▸ **Task brief**: Take the material below and reproduce, word for word, only the lines from the line with "sdr_optimal (Lmat H (yvec H v)) X ->" through the line with "have := is_tau_scaled_le".

▸ **Given data**:
:::::

(* Let $\mathbf{H}\in\mathbb{R}^{n\times m}$ and $\mathbf{v}\in\mathbb{R}^n$ be arbitrary and let $\mathbf{y}=\mathbf{H}\mathbf{e}+\mathbf{v}$. If $\tau>4\|\mathbf{v}\|^2$, then every optimal point $\mathbf{X}^\star$ of the SDR problem $\min\mathrm{Tr}(\mathbf{L}\mathbf{X})$ s.t. $\mathrm{diag}(\mathbf{X})=\mathbf{e}$, $\mathbf{X}\succeq\mathbf{0}$ yields $\hat{\mathbf{s}}_{\mathrm{SDR}}=\mathbf{e}$, i.e. $\mathrm{sgn}([\mathbf{X}^\star]_{i,m+1})=1$ for all $i=1,\dots,m$.
   Context: $\mathbf{e}$ is the all-ones vector (of the appropriate dimension). $\mathbf{L}=\begin{bmatrix}\mathbf{H}^T\mathbf{H}&-\mathbf{H}^T\mathbf{y}\\-\mathbf{y}^T\mathbf{H}&\mathbf{y}^T\mathbf{y}\end{bmatrix}$. $\mathcal{X}=\{\mathbf{X}\in\mathbb{S}^{m+1}:\mathrm{diag}(\mathbf{X})=\mathbf{e},\ \mathbf{X}\succeq\mathbf{0}\}$, where $\mathbb{S}^{k}$ is the set of real symmetric $k\times k$ matrices. $\mathbf{M}=[\mathbf{I}_m\ \ -\mathbf{e}]\in\mathbb{R}^{m\times(m+1)}$, $\mathcal{H}=\{\mathbf{X}\in\mathbb{S}^{m+1}:\mathrm{Tr}(\mathbf{M}\mathbf{X}\mathbf{M}^T)=1\}$, $\mathbf{L}_0=\mathbf{M}^T\mathbf{H}^T\mathbf{H}\mathbf{M}$, and $\tau=\min_{\mathbf{X}\in\mathcal{X}\cap\mathcal{H}}\mathrm{Tr}(\mathbf{L}_0\mathbf{X})$. The SDR estimate from an optimal point $\mathbf{X}^\star$ is $[\hat{\mathbf{s}}_{\mathrm{SDR}}]_i=\mathrm{sgn}([\mathbf{X}^\star]_{i,m+1})$ with $\mathrm{sgn}(x)=1$ for $x>0$, $-1$ for $x\le0$. *)

From HB Require Import structures.
From mathcomp Require Import all_boot all_order all_algebra.
Set Implicit Arguments. Unset Strict Implicit. Unset Printing Implicit Defensive.
Import Order.TTheory GRing.Theory Num.Theory.
Local Open Scope ring_scope.

Definition psd (R : realFieldType) (k : nat) (X : 'M[R]_k) : Prop :=
  X^T = X /\ forall x : 'cV[R]_k, 0 <= (x^T *m X *m x) 0 0.

Definition feasX (R : realFieldType) (k : nat) (X : 'M[R]_k) : Prop :=
  (forall i, X i i = 1) /\ psd X.

Definition ones (R : realFieldType) (k : nat) : 'cV[R]_k := const_mx 1.

Definition yvec (R : realFieldType) n m (H : 'M[R]_(n, m)) (v : 'cV[R]_n)
  : 'cV[R]_n := H *m ones R m + v.

Definition Lmat (R : realFieldType) n m (H : 'M[R]_(n, m)) (y : 'cV[R]_n)
  : 'M[R]_(m + 1) :=
  block_mx (H^T *m H) (- (H^T *m y)) (- (y^T *m H)) (y^T *m y).

Definition Mmat (R : realFieldType) m : 'M[R]_(m, m + 1) :=
  row_mx 1%:M (- ones R m).

Definition L0mat (R : realFieldType) n m (H : 'M[R]_(n, m)) : 'M[R]_(m + 1) :=
  (Mmat R m)^T *m H^T *m H *m Mmat R m.

Definition inH (R : realFieldType) m (X : 'M[R]_(m + 1)) : Prop :=
  \tr (Mmat R m *m X *m (Mmat R m)^T) = 1.

Definition is_tau (R : realFieldType) n m (H : 'M[R]_(n, m)) (t : R) : Prop :=
  (exists X : 'M[R]_(m + 1), feasX X /\ inH X /\ \tr (L0mat H *m X) = t) /\
  (forall X : 'M[R]_(m + 1), feasX X -> inH X -> t <= \tr (L0mat H *m X)).

Definition sdr_optimal (R : realFieldType) k (L X : 'M[R]_k) : Prop :=
  feasX X /\ forall Y : 'M[R]_k, feasX Y -> \tr (L *m X) <= \tr (L *m Y).

Definition sgn (R : realFieldType) (x : R) : R := if 0 < x then 1 else -1.

Definition sqnorm (R : realFieldType) n (v : 'cV[R]_n) : R :=
  \sum_(i < n) v i 0 ^+ 2.

(* The all-ones point J = e e^T is feasible for the SDR and Tr(L J) = |v|^2, so an optimal X
   satisfies Tr(L X) <= |v|^2.  Writing L = A^T A with A = H M - v e_(m+1)^T and using the
   parallelogram law for the form (U, V) |-> Tr(U X V^T), this gives Tr(L0 X) <= 4 |v|^2.
   If some X_(i,m+1) were <= 0, then s = Tr(M X M^T) >= 2 and the point J + (X - J)/s lies
   in the feasible set of the problem defining tau (M J = 0), whence
   tau * s <= Tr(L0 X) <= 4 |v|^2 < tau, which is impossible. *)

From mathcomp Require Import all_boot all_order all_algebra ring lra.
Set Implicit Arguments. Unset Strict Implicit. Unset Printing Implicit Defensive.
Import Order.TTheory GRing.Theory Num.Theory.
Local Open Scope ring_scope.

Section MatrixForm.
Variable R : realFieldType.

Definition mxform n k (X : 'M[R]_k) (U V : 'M[R]_(n, k)) : R := \tr (U *m X *m V^T).

Lemma mxformDl n k (X : 'M[R]_k) (U V W : 'M[R]_(n, k)) :
  mxform X (U + V) W = mxform X U W + mxform X V W.
Proof. by rewrite /mxform !mulmxDl mxtraceD. Qed.

Lemma mxformDr n k (X : 'M[R]_k) (U V W : 'M[R]_(n, k)) :
  mxform X W (U + V) = mxform X W U + mxform X W V.
Proof. by rewrite /mxform raddfD !mulmxDr mxtraceD. Qed.

Lemma mxformNl n k (X : 'M[R]_k) (U W : 'M[R]_(n, k)) :
  mxform X (- U) W = - mxform X U W.
Proof. by rewrite /mxform !mulNmx raddfN. Qed.

Lemma mxformNr n k (X : 'M[R]_k) (U W : 'M[R]_(n, k)) :
  mxform X W (- U) = - mxform X W U.
Proof. by rewrite /mxform raddfN !mulmxN raddfN. Qed.

Lemma mxform_parallelogram n k (X : 'M[R]_k) (U W : 'M[R]_(n, k)) :
  mxform X (U + W) (U + W) + mxform X (U - W) (U - W) =
  2 * mxform X U U + 2 * mxform X W W.
Proof. rewrite !(mxformDl, mxformDr, mxformNl, mxformNr); ring. Qed.

Lemma mxformC n k (X : 'M[R]_k) (U V : 'M[R]_(n, k)) :
  X^T = X -> mxform X U V = mxform X V U.
Proof. by move=> sX; rewrite /mxform -mxtrace_tr !trmx_mul trmxK sX mulmxA. Qed.

Lemma mxform_combination n k (X Y : 'M[R]_k) (U V : 'M[R]_(n, k)) a b :
  mxform (a *: X + b *: Y) U V = a * mxform X U V + b * mxform Y U V.
Proof.
by rewrite /mxform mulmxDr mulmxDl -!scalemxAr -!scalemxAl mxtraceD !mxtraceZ.
Qed.

Lemma mxform_mul0 n k (X : 'M[R]_k) (U V : 'M[R]_(n, k)) :
  U *m X = 0 -> mxform X U V = 0.
Proof. by move=> UX0; rewrite /mxform UX0 mul0mx raddf0. Qed.

Lemma mxtrace11 (A : 'M[R]_1) : \tr A = A 0 0.
Proof. by rewrite /mxtrace big_ord1. Qed.

Lemma mxform_delta k (X : 'M[R]_k) a b :
  mxform X (delta_mx 0 a : 'rV_k) (delta_mx 0 b) = X a b.
Proof. by rewrite /mxform -rowE trmx_delta -colE mxtrace11 !mxE. Qed.

Lemma mxform_outer n k (X : 'M[R]_k) (v : 'cV[R]_n) r :
  mxform X (v *m delta_mx 0 r) (v *m delta_mx 0 r) = X r r * sqnorm v.
Proof.
set d : 'rV_k := delta_mx 0 r.
have -> : mxform X (v *m d) (v *m d) = \tr (v *m (d *m X *m d^T) *m v^T).
  by rewrite /mxform trmx_mul !mulmxA.
rewrite [d *m X *m d^T]mx11_scalar -mxtrace11.
change (\tr (d *m X *m d^T)) with (mxform X d d).
rewrite mxform_delta mul_mx_scalar.
rewrite -scalemxAl mxtraceZ /mxtrace /sqnorm.
by congr (_ * _); apply: eq_bigr => i _; rewrite !mxE big_ord1 !mxE expr2.
Qed.

Lemma mxtrace_gram n k (A : 'M[R]_(n, k)) (X : 'M[R]_k) :
  \tr (A^T *m A *m X) = mxform X A A.
Proof. by rewrite -mulmxA mxtrace_mulC. Qed.

Lemma mxform_row_diag p k (X : 'M[R]_k) (B : 'M[R]_(p, k)) i :
  (B *m X *m B^T) i i = mxform X (row i B) (row i B).
Proof.
rewrite /mxform mxtrace11 !mxE; apply: eq_bigr => j _; rewrite !mxE; congr (_ * _).
by apply: eq_bigr => l _; rewrite !mxE.
Qed.

Lemma psd_mxform_row_ge0 k (X : 'M[R]_k) (w : 'rV[R]_k) :
  psd X -> 0 <= mxform X w w.
Proof. by move=> [_ psdX]; rewrite /mxform mxtrace11 -{1}[w]trmxK. Qed.

Lemma psd_mxform_ge0 p k (X : 'M[R]_k) (B : 'M[R]_(p, k)) :
  psd X -> 0 <= mxform X B B.
Proof.
move=> psdX; rewrite {1}/mxform /mxtrace; apply: sumr_ge0 => i _.
by rewrite mxform_row_diag psd_mxform_row_ge0.
Qed.

Lemma sqnorm_ge0 n (v : 'cV[R]_n) : 0 <= sqnorm v.
Proof. by apply: sumr_ge0 => i _; apply: sqr_ge0. Qed.

Lemma psd_outer k (w : 'cV[R]_k) : psd (w *m w^T).
Proof.
split=> [|x]; first by rewrite trmx_mul trmxK.
have -> : x^T *m (w *m w^T) *m x = (x^T *m w) *m (x^T *m w)^T.
  by rewrite trmx_mul trmxK !mulmxA.
by rewrite !mxE big_ord1 !mxE -expr2 sqr_ge0.
Qed.

Lemma feasX_outer_ones k : feasX (ones R k *m (ones R k)^T).
Proof.
split=> [i|]; last exact: psd_outer.
by rewrite !mxE big_ord1 !mxE mulr1.
Qed.

Lemma feasX_convex k (X Y : 'M[R]_k) t :
  feasX X -> feasX Y -> 0 <= t <= 1 -> feasX ((1 - t) *: X + t *: Y).
Proof.
move=> [dX [sX psdX]] [dY [sY psdY]] /andP[t_ge0 t_le1].
split=> [i|]; first by rewrite !mxE dX dY !mulr1 subrK.
split=> [|x].
  by apply/matrixP => i j; rewrite !mxE -[in X j i]sX -[in Y j i]sY !mxE.
rewrite mulmxDr mulmxDl -!scalemxAr -!scalemxAl !mxE.
have := psdX x; have := psdY x; rewrite !mxE => hY hX.
by apply: addr_ge0; apply: mulr_ge0; rewrite ?subr_ge0.
Qed.

End MatrixForm.

Section SdrGeometry.
Variables (R : realFieldType) (n m : nat) (H : 'M[R]_(n, m)).

Local Notation M := (Mmat R m).
Local Notation J := (ones R (m + 1) *m (ones R (m + 1))^T).
Local Notation last_index := (rshift m (@ord0 0)).

Lemma Mmat_ones : M *m ones R (m + 1) = 0.
Proof.
rewrite /Mmat /ones -(@col_mx_const _ m 1) mul_row_col mul1mx mulNmx.
by apply/eqP; rewrite subr_eq0; apply/eqP/matrixP => a b; rewrite !mxE big_ord1 !mxE mulr1.
Qed.

Lemma Mmat_J : M *m J = 0.
Proof. by rewrite mulmxA Mmat_ones mul0mx. Qed.

Lemma row_Mmat i : row i M = delta_mx 0 (lshift 1 i) - delta_mx 0 last_index.
Proof.
rewrite /Mmat row_row_mx row1 delta_mx_lshift delta_mx_rshift.
have -> : row i (- ones R m) = - (delta_mx 0 0 : 'M[R]_1).
  by apply/matrixP => a b; rewrite !mxE !ord1.
by rewrite opp_row_mx add_row_mx subr0 sub0r.
Qed.

Lemma L0mat_gram : L0mat H = (H *m M)^T *m (H *m M).
Proof. by rewrite /L0mat trmx_mul !mulmxA. Qed.

Lemma Lmat_gram (y : 'cV[R]_n) : Lmat H y = (row_mx H (- y))^T *m row_mx H (- y).
Proof. by rewrite tr_row_mx mul_col_row /Lmat [(- y)^T]raddfN !mulmxN !mulNmx opprK. Qed.

Lemma row_mx_yvec (v : 'cV[R]_n) :
  row_mx H (- yvec H v) = H *m M - v *m delta_mx 0 last_index.
Proof.
have v_delta : v *m delta_mx 0 0 = v.
  by rewrite -colE; apply/matrixP => a b; rewrite !mxE ord1.
rewrite /Mmat delta_mx_rshift mul_mx_row mul_mx_row mulmx1 mulmx0 v_delta.
by rewrite opp_row_mx add_row_mx oppr0 addr0 /yvec opprD mulmxN.
Qed.

Lemma mxtrace_Mmat_ge X i :
  feasX X -> 2 - 2 * X (lshift 1 i) last_index <= mxform X M M.
Proof.
move=> [dX psdX]; rewrite /mxform /mxtrace (bigD1 i) //=.
have symX a b : X b a = X a b by rewrite -{1}psdX.1 mxE.
have -> : (M *m X *m M^T) i i = 2 - 2 * X (lshift 1 i) last_index.
  rewrite mxform_row_diag row_Mmat !(mxformDl, mxformDr, mxformNl, mxformNr).
  by rewrite !mxform_delta !dX symX; ring.
rewrite lerDl; apply: sumr_ge0 => j _.
by rewrite mxform_row_diag psd_mxform_row_ge0.
Qed.

Lemma is_tau_scaled_le tau X :
  is_tau H tau -> feasX X -> 1 <= mxform X M M ->
  tau * mxform X M M <= \tr (L0mat H *m X).
Proof.
move=> [_ tau_min] fX s_ge1; set s := mxform X M M in s_ge1 *.
have s_gt0 : 0 < s by apply: lt_le_trans s_ge1.
set t := s^-1.
have ts : t * s = 1 by rewrite mulVf // gt_eqF.
have t_range : 0 <= t <= 1.
  by rewrite invr_ge0 ltW //= invf_le1.
have HMJ : H *m M *m J = 0 by rewrite -mulmxA Mmat_J mulmx0.
have fX' := feasX_convex (feasX_outer_ones R (m + 1)) fX t_range.
have inH' : inH ((1 - t) *: J + t *: X).
  rewrite /inH; change (mxform ((1 - t) *: J + t *: X) M M = 1).
  by rewrite mxform_combination (mxform_mul0 _ Mmat_J) mulr0 add0r.
have := tau_min _ fX' inH'.
rewrite L0mat_gram !mxtrace_gram mxform_combination (mxform_mul0 _ HMJ) mulr0 add0r.
set a := mxform X _ _ => tau_le.
have : tau * s <= t * a * s by rewrite ler_wpM2r // ltW.
by rewrite mulrAC ts mul1r.
Qed.

Lemma sdr_optimal_L0mat_le (v : 'cV[R]_n) X :
  sdr_optimal (Lmat H (yvec H v)) X -> \tr (L0mat H *m X) <= 4 * sqnorm v.
Proof.
move=> [[dX psdX] X_opt].
set A := H *m M; set Q := v *m delta_mx 0 last_index.
have AJ : A *m J = 0 by rewrite -mulmxA Mmat_J mulmx0.
have LmatE Y : \tr (Lmat H (yvec H v) *m Y) = mxform Y (A - Q) (A - Q).
  by rewrite Lmat_gram row_mx_yvec mxtrace_gram.
have [dJ [sJ _]] := feasX_outer_ones R (m + 1).
have LJ : \tr (Lmat H (yvec H v) *m J) = sqnorm v.
  rewrite LmatE !(mxformDl, mxformDr, mxformNl, mxformNr) (mxformC Q A sJ).
  by rewrite !(mxform_mul0 _ AJ) mxform_outer dJ; ring.
have opt_le : mxform X (A - Q) (A - Q) <= sqnorm v.
  by rewrite -LmatE -LJ; apply: X_opt; apply: feasX_outer_ones.
have := mxform_parallelogram X (A - Q) Q; rewrite subrK mxform_outer dX.
have := psd_mxform_ge0 (A - Q - Q) psdX.
rewrite L0mat_gram mxtrace_gram -/A; lra.
Qed.

End SdrGeometry.

Theorem lemma1 (R : realFieldType) (n m : nat) (H : 'M[R]_(n, m)) (v : 'cV[R]_n)
  (tau : R) :
  is_tau H tau ->
  4 * sqnorm v < tau ->
  forall Xs : 'M[R]_(m + 1),
    sdr_optimal (Lmat H (yvec H v)) Xs ->
    forall i : 'I_m, sgn (Xs (lshift 1 i) (rshift m ord0)) = 1.
Proof.
move=> tau_H tau_gt Xs Xs_opt i.
rewrite /sgn; case: ifP => // /negbT; rewrite -leNgt => entry_le0; exfalso.
have s_ge := mxtrace_Mmat_ge i Xs_opt.1.
have s_ge1 : 1 <= mxform Xs (Mmat R m) (Mmat R m) by lra.
have := is_tau_scaled_le tau_H Xs_opt.1 s_ge1.
have := sdr_optimal_L0mat_le Xs_opt.
have := sqnorm_ge0 v.
nra.
Qed.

:::::

▸ **Reply**:
  sdr_optimal (Lmat H (yvec H v)) X -> \tr (L0mat H *m X) <= 4 * sqnorm v.
Proof.
move=> [[dX psdX] X_opt].
set A := H *m M; set Q := v *m delta_mx 0 last_index.
have AJ : A *m J = 0 by rewrite -mulmxA Mmat_J mulmx0.
have LmatE Y : \tr (Lmat H (yvec H v) *m Y) = mxform Y (A - Q) (A - Q).
  by rewrite Lmat_gram row_mx_yvec mxtrace_gram.
have [dJ [sJ _]] := feasX_outer_ones R (m + 1).
have LJ : \tr (Lmat H (yvec H v) *m J) = sqnorm v.
  rewrite LmatE !(mxformDl, mxformDr, mxformNl, mxformNr) (mxformC Q A sJ).
  by rewrite !(mxform_mul0 _ AJ) mxform_outer dJ; ring.
have opt_le : mxform X (A - Q) (A - Q) <= sqnorm v.
  by rewrite -LmatE -LJ; apply: X_opt; apply: feasX_outer_ones.
have := mxform_parallelogram X (A - Q) Q; rewrite subrK mxform_outer dX.
have := psd_mxform_ge0 (A - Q - Q) psdX.
rewrite L0mat_gram mxtrace_gram -/A; lra.
Qed.

End SdrGeometry.

Theorem lemma1 (R : realFieldType) (n m : nat) (H : 'M[R]_(n, m)) (v : 'cV[R]_n)
  (tau : R) :
  is_tau H tau ->
  4 * sqnorm v < tau ->
  forall Xs : 'M[R]_(m + 1),
    sdr_optimal (Lmat H (yvec H v)) Xs ->
    forall i : 'I_m, sgn (Xs (lshift 1 i) (rshift m ord0)) = 1.
Proof.
move=> tau_H tau_gt Xs Xs_opt i.
rewrite /sgn; case: ifP => // /negbT; rewrite -leNgt => entry_le0; exfalso.
have s_ge := mxtrace_Mmat_ge i Xs_opt.1.
have s_ge1 : 1 <= mxform Xs (Mmat R m) (Mmat R m) by lra.
have := is_tau_scaled_le tau_H Xs_opt.1 s_ge1.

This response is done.